The pattern of outcomes described above is consistent with patients with recurrent stroke having, on average, greater levels of disability than those with first strokes. If so, one might not necessarily expect dramatic differences in acute treatment but would expect more nursing home stays, more rehospitalizations, and poorer survival (eg, due to the sequelae of inactivity). The attenuated differences for patients 80 years of age and older are consistent with this hypothesis, assuming that very elderly patients with first stroke tend to leave the hospital with relatively high levels of disability (either from the stroke itself or other sources). Lower rehabilitation costs during months 1 to 3 after stroke for patients with recurrent stroke are also consistent with this hypothesis, because rehabilitation efforts tend to be most concentrated on the “middle band” of patients with moderate functional deficits rather than those with very severe deficits.

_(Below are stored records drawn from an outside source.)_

Lemma link_Ind_on S v : v \in S -> link (Ind_on S) v = Ind_on (S :\: nbhd v).
Proof.
move=> vS; apply/setP => A; rewrite inE !mem_Ind_on subsetD disjoints_subset.
apply/idP/idP.
  case/and4P => /andP [IA AS] vA IvA _; rewrite IA AS; apply/subsetP => y yA.
  rewrite !inE negb_or; apply/andP; split; first by apply: contraNneq vA => <-.
  by move/independentP: IvA; apply; rewrite !inE ?eqxx ?yA ?orbT.
case/and3P => IA AS /subsetP dj.
have vA : v \notin A by apply/negP => /dj; rewrite !inE eqxx.
rewrite IA AS vA subUset sub1set vS AS /= andbT; apply: independent_setU1 => // y yA.
by apply/negP => evy; move: (dj y yA); rewrite !inE evy orbT.
Qed.

Definition keeps_leaves S := {in S, forall x, x \in O -> p x \in S}.

Lemma keeps_leaves_del S v : keeps_leaves S -> v \in O -> keeps_leaves (S :\ v).
Proof.
move=> HS vO x; rewrite !inE => /andP [xv xS] xO; rewrite HS // andbT.
by apply: contraTneq vO => <-; rewrite p_base xO.
Qed.

Lemma keeps_leaves_link S v : keeps_leaves S -> v \in O -> keeps_leaves (S :\: nbhd v).
Proof.
move=> HS vO x; rewrite !inE negb_or => /andP [/andP [xv _] xS] xO.
rewrite HS // andbT negb_or e_sym adj_p // andbC eq_sym xv /=.
by apply: contraTneq vO => <-; rewrite p_base xO.
Qed.

(* Every facet picks exactly one vertex from each pair [{x, p x}] inside [S]. *)
Lemma facet_Ind_on S F : keeps_leaves S -> facet (Ind_on S) F -> leaf_of @: F = S :\: O.
Proof.
move=> HS [FS Fmax]; move: (FS); rewrite mem_Ind_on => /andP [IF sFS].
apply/setP => y; apply/imsetP/idP => [[z zF ->] | ].
  rewrite inE leaf_ofP /leaf_of; have zS := subsetP sFS z zF.
  by case: ifP => // zO; apply: HS.
rewrite !inE => /andP [yO yS].
case yF: (y \in F); first by exists y => //; rewrite /leaf_of (negbTE yO).
case pyF: (p y \in F); first by exists (p y); rewrite // /leaf_of p_base yO pK.
have yFS : y |: F \in Ind_on S.
  rewrite mem_Ind_on subUset sub1set yS sFS !andbT.
  apply: independent_setU1 => // z zF; rewrite adj_leaf //.
  by apply: contraFN pyF => /eqP <-.
by move: yF; rewrite -(Fmax _ yFS (subsetUr _ _)) setU11.
Qed.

Both this study and that of May et al12 rely on Medicare files, which trade off large sample sizes and excellent generalizability against the amount and quality of the information per patient. Ideally, one would like to compare claims-based results with those from various population-based cohorts (which, although small and of limited generalizability, tend to have extensive and high-quality information on individual patients). Unfortunately, most of the literature (in particular, reports from the Framingham and Rochester, Minn, cohorts on which much of our detailed knowledge of the epidemiology of stroke in the United States is based) tend to present data for either all strokes or first strokes only but do not follow outcomes for recurrent strokes separately.3 4 Much of the difficulty can be attributed to sample size, because less than half of all strokes represent recurrent strokes.13
This study has a number of limitations that are generic to the analysis of claims data. First, the level of reliable clinical detail is slight. In particular, Medicare files do not include crucial information about stroke severity or subsequent disability. Also, the variables used for case-mix adjustment can be both inconsistent and incomplete. For example, because of limitations on the number of positions for ICD-9 codes, diagnoses such as hypertension may be less likely to be coded among patients with many other diagnoses; and, indeed, the effects of the hypertension variable in the multivariate analyses were opposite to clinical intuition. More generally, we do not have clinical confirmation regarding the presence or absence of various diagnoses (for example, history of TIA is likely underreported). Finally, some additional variables such as presence of atrial fibrillation would have been helpful to include in the case-mix adjustment process. It should be recognized that even in the best case case-mix adjustment from administrative claims files will be incomplete, and caution in interpretation is indicated.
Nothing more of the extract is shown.